Question

A fat hose pipe is held horizontally by a fireman. It delivers water through a constricting nozzle $1\,lit\,{\sec ^{ - 1}}$ . If by increasing the pressure, the water is delivered at $2\,lit\,{\sec ^{ - 1}}$ , the fireman has to:
A. Push forward
B. Push forward $4$ times hard
C. Push forward $8$ times hard
D. Push backward $4$ times hard

Answer 1

Hint: In order to solve this question, firstly we will find the force due to the initial velocity of water and its mass equivalent to product of density of water and its volume and then we will find force after an increase in pressure and will compare both equations.

Complete step by step answer:
Let us first calculate the initial mass of flowing water which is given as $m = \rho \times V$ and initially we have a volume $V = 1\,litre$
So we get mass $m = \rho \to (i)$ (in its respective SI unit)
Now, force $F = m \times \dfrac{v}{t}$
And initial velocity of flowing water is given as $v = 1lit\,{\sec ^{ - 1}}$ and in one second so,
$F = m$
Or we can write,
$F = \rho \to (ii)$
Now, in final case after increasing the pressure, the new velocity let’s say $v' = 2lit\,{\sec ^{ - 1}}$
Final force say $F' = m'\dfrac{{v'}}{t}$
Where $m'$ is the final mass which is given as of volume two litres
$m' = \rho \times v'$
$\Rightarrow m' = 2\rho $ Using this we get final force as,
$\Rightarrow F' = 4\rho \to (iii)$
Now, from equations $(ii)$ and $(iii)$ we can see that,
$\therefore F' = 4F$
Which means the fireman has to apply force four times forward.

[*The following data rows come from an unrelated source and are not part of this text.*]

(* Let $\mathcal{N}=\{1,\dots,N\}$ be a finite index set of blocks, let $\sigma>0$, and let $\mu_1,\dots,\mu_N\in\mathbb{R}$. For a fixed user $i$, let $p_{i,1},\dots,p_{i,N}>0$ be prior probabilities with $\sum_{n\in\mathcal{N}}p_{i,n}=1$. For $n\in\mathcal{N}$ let $\mathbb{P}(s\mid n)=\frac{1}{\sqrt{2\pi\sigma^2}}e^{-(s-\mu_n)^2/(2\sigma^2)}$ be the Gaussian density with mean $\mu_n$ and standard deviation $\sigma$. For $n'\in\mathcal{N}$ define the decision region $$\mathcal{R}_{i,n'}=\Big\{s\in\mathbb{R} : (s-\mu_{n'})^2-(s-\mu_n)^2\le 2\sigma^2\ln\frac{p_{i,n'}}{p_{i,n}}\ \text{ for all } n\in\mathcal{N}\setminus\{n'\}\Big\}.$$ Let $n,n'\in\mathcal{N}$ with $n\neq n'$ and $\mu_n\neq\mu_{n'}$, and set $$d_{i,n,n'}=\frac{(\mu_{n'}-\mu_n)^2-2\sigma^2\ln(p_{i,n'}/p_{i,n})}{2\sigma|\mu_{n'}-\mu_n|}.$$ Then $$\int_{\mathcal{R}_{i,n'}}\mathbb{P}(s\mid n)\,ds\le\begin{cases}\frac{1}{2}e^{-d_{i,n,n'}^2/2}, & d_{i,n,n'}\ge 0,\\[4pt] 1-\frac{1}{4}e^{-2d_{i,n,n'}^2/\pi}, & d_{i,n,n'}<0.\end{cases}$$
   Context: This arises in received-signal-strength (RSS) based positioning: the space is divided into blocks $n$, the RSS measured by a user located in block $n$ is Gaussian with mean $\mu_n$ and standard deviation $\sigma$, $p_{i,n}$ is the prior probability that user $i$ is in block $n$, and $\mathcal{R}_{i,n'}$ is the set of RSS values for which the (prior-weighted maximum likelihood) estimate of user $i$'s location is block $n'$. The integral is thus the probability that a user in block $n$ is wrongly located in block $n'$. *)

From mathcomp Require Import all_boot all_order all_algebra.
From mathcomp Require Import all_classical all_reals all_analysis.
Set Implicit Arguments. Unset Strict Implicit. Unset Printing Implicit Defensive.
Import Order.TTheory GRing.Theory Num.Theory.
Local Open Scope classical_set_scope.
Local Open Scope ring_scope.

Definition gauss_pdf (R : realType) (sigma mu s : R) : R :=
  (Num.sqrt (2 * pi * sigma ^+ 2))^-1 * expR (- ((s - mu) ^+ 2) / (2 * sigma ^+ 2)).

Definition decision_region (R : realType) (N : nat) (sigma : R)
    (mu p : 'I_N -> R) (n' : 'I_N) : set R :=
  [set s | forall n : 'I_N, n != n' ->
     (s - mu n') ^+ 2 - (s - mu n) ^+ 2 <= 2 * sigma ^+ 2 * ln (p n' / p n)].

Definition dist_d (R : realType) (N : nat) (sigma : R)
    (mu p : 'I_N -> R) (n n' : 'I_N) : R :=
  ((mu n' - mu n) ^+ 2 - 2 * sigma ^+ 2 * ln (p n' / p n))
  / (2 * sigma * `|mu n' - mu n|).

Definition error_bound (R : realType) (d : R) : R :=
  if 0 <= d then 2^-1 * expR (- (d ^+ 2) / 2)
  else 1 - 4^-1 * expR (- (2 * d ^+ 2) / pi).

(* Comparing the region's defining inequality for the competitor n with the
   one for n' shows that R_{i,n'} is contained in the half-line beyond
   mu_n + d sigma (or below mu_n - d sigma when mu_n' < mu_n), so after
   standardisation the error probability is at most the standard normal tail
   Q(d).  For d >= 0, the comparison phi(v) <= e^{-d^2/2} phi(v - d) on
   [d, +oo) gives Q(d) <= e^{-d^2/2} Q(0) = e^{-d^2/2} / 2.  For d < 0,
   Q(d) = 1 - Q(-d), and Q(x) >= e^{-2x^2/pi} / 4 for x >= 0 follows from the
   pointwise bound (v/pi) e^{-2v^2/pi} <= phi(v), whose left-hand side
   integrates to e^{-2x^2/pi} / 4 on [x, +oo); that pointwise bound holds
   because pi <= 16/5. *)

From mathcomp Require Import all_boot all_order all_algebra.
From mathcomp Require Import all_classical all_reals all_analysis measurable_realfun.
From mathcomp Require Import zify ring lra.
Import Order.TTheory GRing.Theory Num.Theory numFieldNormedType.Exports.
Local Open Scope classical_set_scope.
Local Open Scope ring_scope.

Section pi_upper_bound.
Variable R : realType.

Let cos_coeff'_pair_lt0 (x : R) k : x != 0 -> odd k ->
  x ^+ 2 < (k.*2.+1 * k.*2.+2)%:R -> cos_coeff' x k + cos_coeff' x k.+1 < 0.
Proof.
move=> x0 ok x2_lt.
rewrite /cos_coeff' -!exprnP -(signr_odd _ k) -(signr_odd _ k.+1) /= ok /=.
rewrite expr1 expr0 !mulN1r !mul1r doubleS !factS !natrM.
have xk_gt0 : 0 < x ^+ k.*2 by rewrite -muln2 mulnC exprM exprn_gt0 ?exprn_even_gt0.
have F_gt0 : 0 < (k.*2)`!%:R :> R by rewrite ltr0n fact_gt0.
have -> : x ^+ k.*2.+2 = x ^+ 2 * x ^+ k.*2 by rewrite -exprD addnC addn2.
set X := x ^+ k.*2; set F := (k.*2)`!%:R : R.
set a := k.*2.+1%:R : R; set b := k.*2.+2%:R : R.
have ab_gt0 : 0 < a * b by rewrite mulr_gt0 ?ltr0n.
have -> : - X / F + x ^+ 2 * X / (b * (a * F)) = - (X / F * (1 - x ^+ 2 / (a * b))).
  by field; rewrite !gt_eqF // ltr0n.
rewrite oppr_lt0 mulr_gt0 ?divr_gt0 // subr_gt0 ltr_pdivrMr // mul1r.
by rewrite /a /b -natrM.
Qed.

Lemma cos_8_5_lt0 : cos (8 / 5 : R) < 0.
Proof.
rewrite -(opprK (cos _)) oppr_lt0; have /cvgN h := @cvg_cos_coeff' R (8 / 5).
rewrite -(cvg_lim _ h) //.
apply: (@lt_trans _ _ (\sum_(0 <= i < 3) - cos_coeff' (8 / 5) i)).
  do 3 rewrite big_nat_recl //; rewrite big_nil addr0 /cos_coeff' /=.
  by rewrite !factS fact0 /= -!exprnP !exprS !expr0 /=; lra.
rewrite -seriesN lt_sum_lim_series //; first by move/cvgP in h; rewrite seriesN.
move=> d; rewrite -opprD oppr_gt0 addnS cos_coeff'_pair_lt0 //.
- by rewrite oddD odd_double.
- apply: (@lt_le_trans _ _ 56); first by rewrite expr2; lra.
  rewrite ler_nat -!addnn; apply: (@leq_mul 7 8); lia.
Qed.

Lemma pi_le_16_5 : pi <= 16 / 5 :> R.
Proof.
rewrite leNgt; apply/negP => pi_gt.
have : 0 < cos (8 / 5 : R).
  by apply: cos_gt0_pihalf; apply/andP; split; have := @pi_gt0 R; lra.
by have := cos_8_5_lt0; lra.
Qed.

End pi_upper_bound.

Section tail_kernel.
Context {R : realType}.
Local Notation mu := (@lebesgue_measure R).

Lemma expR_ge_tangent (c y : R) : expR c * (1 + (y - c)) <= expR y.
Proof.
have -> : expR y = expR c * expR (y - c) by rewrite -expRD addrC subrK.
by rewrite ler_pM2l ?expR_gt0 // expR_ge1Dx.
Qed.

Lemma expR_half_ge : 6561 / 4096 <= expR (2^-1 : R).
Proof.
have -> : (2^-1 : R) = 4%:R * 8^-1 by lra.
have -> : (6561 / 4096 : R) = (9 / 8) ^+ 4 by rewrite !exprS expr0; lra.
rewrite expRM_natl lerXn2r ?nnegrE ?expR_ge0 // (le_trans _ (expR_ge1Dx _)) //; lra.
Qed.

Lemma tail_kernel_le_gauss_pdf (v : R) : 0 <= v ->
  v / pi * expR (- 2 / pi * v ^+ 2) <= gauss_pdf 1 0 v.
Proof.
move=> v_ge0; rewrite /gauss_pdf expr1n mulr1 subr0.
(* abstracting [pi] keeps [field] from unfolding its definition *)
have := pi_le_16_5 R; have := pi_ge2 R; move: (pi : R) => p p_ge2 p_le.
have p_gt0 : 0 < p by lra.
set s := Num.sqrt (2 * p).
have s_gt0 : 0 < s by rewrite sqrtr_gt0; lra.
have s2 : s ^+ 2 = 2 * p by rewrite sqr_sqrtr //; lra.
set a := 2 / p - 2^-1.
have a_gt0 : 0 < a by rewrite /a subr_gt0 ltr_pdivlMr //; lra.
have -> : - v ^+ 2 / (2 * 1) = - 2 / p * v ^+ 2 + a * v ^+ 2.
  by rewrite /a; field; rewrite gt_eqF.
rewrite expRD [leRHS]mulrCA [leLHS]mulrC ler_pM2l ?expR_gt0 //.
rewrite ler_pdivrMr // -mulrA ler_pdivlMl //.
(* Bound [expR (a v^2)] below by its tangent at [1/2] and [expR (1/2)] by [C];
   what remains is a quadratic in [v] whose discriminant [2p - C^2 p (4 - p)]
   is nonpositive because [p <= 16/5]. *)
set C : R := 6561 / 4096.
apply: (@le_trans _ _ (C * (2^-1 + a * v ^+ 2) * p)); last first.
  have av_ge0 : 0 <= a * v ^+ 2 by rewrite mulr_ge0 ?sqr_ge0 ?ltW.
  rewrite (ler_pM2r p_gt0) (le_trans _ (expR_ge_tangent 2^-1 _)) //.
  by apply: ler_pM; rewrite ?expR_half_ge //; rewrite /C; lra.
set A := C * (2 - p / 2); set B := C * (p / 2).
have A_gt0 : 0 < A by rewrite /A /C; lra.
have -> : C * (2^-1 + a * v ^+ 2) * p = A * v ^+ 2 + B.
  by rewrite /A /B /a; field; rewrite gt_eqF.
suff : 0 <= 4 * A * (A * v ^+ 2 - s * v + B) by rewrite pmulr_rge0; lra.
have -> : 4 * A * (A * v ^+ 2 - s * v + B) = (2 * A * v - s) ^+ 2 + (4 * A * B - s ^+ 2).
  by ring.
rewrite s2 addr_ge0 ?sqr_ge0 //.
have -> : 4 * A * B - 2 * p = p * (C ^+ 2 * (4 - p) - 2) by rewrite /A /B; field.
by rewrite mulr_ge0 ?ltW // /C; lra.
Qed.

Lemma is_derive_expR_sqr (c v : R) :
  is_derive v 1 (fun w => expR (c * w ^+ 2)) (2 * c * v * expR (c * v ^+ 2)).
Proof.
have dsqr : is_derive v 1 (fun w : R => c * w ^+ 2) (2 * c * v).
  apply: DeriveDef => //.
  rewrite deriveM // derive_cst derive_val scaler0 addr0 [v%:A]mulr1.
  by change (c * (v + v) = 2 * c * v); ring.
have := @is_derive1_comp _ expR (fun w => c * w ^+ 2) v _ _ (is_derive_expR _) dsqr.
by rewrite mulrC.
Qed.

Hence,the correct answer is option B.

Note:Remember, density is the mass per unit volume of a substance. Density of water is a constant numerical value which is equal to $1\,g\,c{m^{ - 3}}$ . And here Force will need to apply in forward direction because we get the magnitude of force positive if it were negative it implies firemen have to push the same amount of force in backward direction.